- **Exercise goal**:
As the lines appear below, please set them down exactly, starting at the first and finishing with the one containing "(0 <= v)%R -> \int[mu]_(y".

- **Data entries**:

-- Opening Marker --

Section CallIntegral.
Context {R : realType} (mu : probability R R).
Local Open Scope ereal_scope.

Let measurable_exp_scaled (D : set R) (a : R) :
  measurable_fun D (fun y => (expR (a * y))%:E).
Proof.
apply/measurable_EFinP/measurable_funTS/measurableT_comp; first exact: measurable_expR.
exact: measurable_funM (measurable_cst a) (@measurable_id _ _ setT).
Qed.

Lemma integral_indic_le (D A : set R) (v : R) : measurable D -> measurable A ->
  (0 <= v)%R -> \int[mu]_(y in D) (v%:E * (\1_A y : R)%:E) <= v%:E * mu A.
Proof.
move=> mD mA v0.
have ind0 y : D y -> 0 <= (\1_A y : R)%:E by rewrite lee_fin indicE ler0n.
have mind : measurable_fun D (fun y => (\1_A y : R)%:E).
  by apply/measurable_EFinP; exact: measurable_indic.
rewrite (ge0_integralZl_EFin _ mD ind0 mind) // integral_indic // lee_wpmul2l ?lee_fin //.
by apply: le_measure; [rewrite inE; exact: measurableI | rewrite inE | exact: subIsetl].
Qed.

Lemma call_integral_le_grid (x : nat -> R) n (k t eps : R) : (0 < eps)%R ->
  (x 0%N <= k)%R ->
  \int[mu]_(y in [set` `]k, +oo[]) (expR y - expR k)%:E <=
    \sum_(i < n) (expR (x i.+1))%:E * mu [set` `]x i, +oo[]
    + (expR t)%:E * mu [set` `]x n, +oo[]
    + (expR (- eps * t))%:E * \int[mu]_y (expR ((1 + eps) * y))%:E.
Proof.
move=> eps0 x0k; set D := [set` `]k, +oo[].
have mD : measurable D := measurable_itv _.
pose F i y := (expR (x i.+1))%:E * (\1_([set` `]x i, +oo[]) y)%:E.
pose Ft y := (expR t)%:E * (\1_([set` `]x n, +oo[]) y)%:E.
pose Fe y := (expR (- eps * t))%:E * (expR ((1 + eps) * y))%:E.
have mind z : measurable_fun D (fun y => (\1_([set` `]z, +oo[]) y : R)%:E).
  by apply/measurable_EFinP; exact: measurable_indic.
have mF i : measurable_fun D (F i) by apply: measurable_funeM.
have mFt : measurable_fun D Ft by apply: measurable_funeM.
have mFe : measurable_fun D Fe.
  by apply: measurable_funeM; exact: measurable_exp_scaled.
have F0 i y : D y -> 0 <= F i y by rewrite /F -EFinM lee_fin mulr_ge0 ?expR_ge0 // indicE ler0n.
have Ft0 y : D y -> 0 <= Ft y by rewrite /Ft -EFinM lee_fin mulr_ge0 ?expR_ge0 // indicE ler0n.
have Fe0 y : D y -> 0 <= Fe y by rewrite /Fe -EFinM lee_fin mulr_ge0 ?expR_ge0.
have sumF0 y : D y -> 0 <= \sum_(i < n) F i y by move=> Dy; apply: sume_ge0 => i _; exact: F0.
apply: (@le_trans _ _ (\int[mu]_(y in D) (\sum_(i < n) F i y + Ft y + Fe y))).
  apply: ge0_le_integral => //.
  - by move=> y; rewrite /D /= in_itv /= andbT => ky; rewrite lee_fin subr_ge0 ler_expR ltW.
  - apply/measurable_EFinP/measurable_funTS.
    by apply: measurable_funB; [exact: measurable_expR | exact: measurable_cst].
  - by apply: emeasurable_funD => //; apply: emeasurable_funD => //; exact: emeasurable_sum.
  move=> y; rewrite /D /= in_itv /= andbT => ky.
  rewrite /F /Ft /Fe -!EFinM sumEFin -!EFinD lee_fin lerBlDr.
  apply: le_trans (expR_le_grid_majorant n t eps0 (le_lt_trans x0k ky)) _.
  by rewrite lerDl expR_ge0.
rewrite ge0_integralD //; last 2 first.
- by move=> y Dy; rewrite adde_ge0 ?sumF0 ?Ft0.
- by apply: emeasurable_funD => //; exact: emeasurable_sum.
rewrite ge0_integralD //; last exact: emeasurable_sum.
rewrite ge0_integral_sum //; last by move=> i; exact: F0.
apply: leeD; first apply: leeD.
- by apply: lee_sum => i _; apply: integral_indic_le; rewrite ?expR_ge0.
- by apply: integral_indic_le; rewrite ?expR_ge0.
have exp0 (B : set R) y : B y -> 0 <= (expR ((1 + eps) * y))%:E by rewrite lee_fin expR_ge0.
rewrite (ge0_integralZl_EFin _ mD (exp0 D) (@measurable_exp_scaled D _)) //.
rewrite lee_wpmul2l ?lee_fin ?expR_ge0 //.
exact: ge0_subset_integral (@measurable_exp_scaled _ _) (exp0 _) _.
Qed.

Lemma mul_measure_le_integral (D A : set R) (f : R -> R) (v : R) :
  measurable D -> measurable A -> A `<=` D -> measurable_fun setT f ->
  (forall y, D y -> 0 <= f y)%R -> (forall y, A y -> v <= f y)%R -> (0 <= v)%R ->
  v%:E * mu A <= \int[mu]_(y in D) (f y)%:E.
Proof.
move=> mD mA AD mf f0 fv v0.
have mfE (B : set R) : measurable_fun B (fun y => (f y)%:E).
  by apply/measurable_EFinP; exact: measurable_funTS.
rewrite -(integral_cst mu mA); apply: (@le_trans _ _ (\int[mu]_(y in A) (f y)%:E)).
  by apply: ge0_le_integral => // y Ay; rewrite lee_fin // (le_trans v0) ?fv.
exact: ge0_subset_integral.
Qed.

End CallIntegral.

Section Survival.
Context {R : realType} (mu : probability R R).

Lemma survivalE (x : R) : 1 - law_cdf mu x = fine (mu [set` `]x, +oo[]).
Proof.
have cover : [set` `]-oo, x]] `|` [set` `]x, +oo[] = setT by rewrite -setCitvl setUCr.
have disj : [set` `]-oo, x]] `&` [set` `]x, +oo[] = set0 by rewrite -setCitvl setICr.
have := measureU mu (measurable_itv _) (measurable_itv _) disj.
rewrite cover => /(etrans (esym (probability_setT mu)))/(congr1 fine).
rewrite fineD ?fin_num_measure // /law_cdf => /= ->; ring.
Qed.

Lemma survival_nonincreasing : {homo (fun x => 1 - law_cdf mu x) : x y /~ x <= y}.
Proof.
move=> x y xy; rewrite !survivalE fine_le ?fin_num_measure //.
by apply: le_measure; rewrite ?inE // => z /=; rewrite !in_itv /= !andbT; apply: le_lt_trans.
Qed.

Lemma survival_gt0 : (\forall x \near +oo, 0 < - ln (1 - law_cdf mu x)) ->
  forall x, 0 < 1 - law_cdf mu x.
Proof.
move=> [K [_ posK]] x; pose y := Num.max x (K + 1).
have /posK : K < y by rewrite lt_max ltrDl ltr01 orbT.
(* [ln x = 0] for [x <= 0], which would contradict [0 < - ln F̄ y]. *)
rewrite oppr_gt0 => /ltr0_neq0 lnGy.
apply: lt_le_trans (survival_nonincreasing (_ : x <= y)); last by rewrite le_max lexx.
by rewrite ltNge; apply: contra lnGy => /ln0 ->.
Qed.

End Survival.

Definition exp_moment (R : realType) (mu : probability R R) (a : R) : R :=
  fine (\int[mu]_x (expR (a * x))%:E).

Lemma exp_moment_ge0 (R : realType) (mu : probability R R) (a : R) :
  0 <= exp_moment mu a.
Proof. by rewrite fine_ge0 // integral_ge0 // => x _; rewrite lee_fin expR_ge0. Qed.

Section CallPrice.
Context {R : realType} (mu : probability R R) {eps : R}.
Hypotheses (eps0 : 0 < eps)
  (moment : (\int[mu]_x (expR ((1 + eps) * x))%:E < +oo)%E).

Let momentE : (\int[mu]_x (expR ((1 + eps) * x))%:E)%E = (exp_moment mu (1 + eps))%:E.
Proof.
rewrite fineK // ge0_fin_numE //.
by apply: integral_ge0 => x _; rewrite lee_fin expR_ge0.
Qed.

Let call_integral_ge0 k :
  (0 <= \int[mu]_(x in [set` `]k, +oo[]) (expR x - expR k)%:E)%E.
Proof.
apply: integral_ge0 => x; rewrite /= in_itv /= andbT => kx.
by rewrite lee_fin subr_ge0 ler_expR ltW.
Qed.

-- Closing Marker --

- **Result of the exercise**:
Section CallIntegral.
Context {R : realType} (mu : probability R R).
Local Open Scope ereal_scope.

Let measurable_exp_scaled (D : set R) (a : R) :
  measurable_fun D (fun y => (expR (a * y))%:E).
Proof.
apply/measurable_EFinP/measurable_funTS/measurableT_comp; first exact: measurable_expR.
exact: measurable_funM (measurable_cst a) (@measurable_id _ _ setT).
Qed.

Lemma integral_indic_le (D A : set R) (v : R) : measurable D -> measurable A ->
  (0 <= v)%R -> \int[mu]_(y in D) (v%:E * (\1_A y : R)%:E) <= v%:E * mu A.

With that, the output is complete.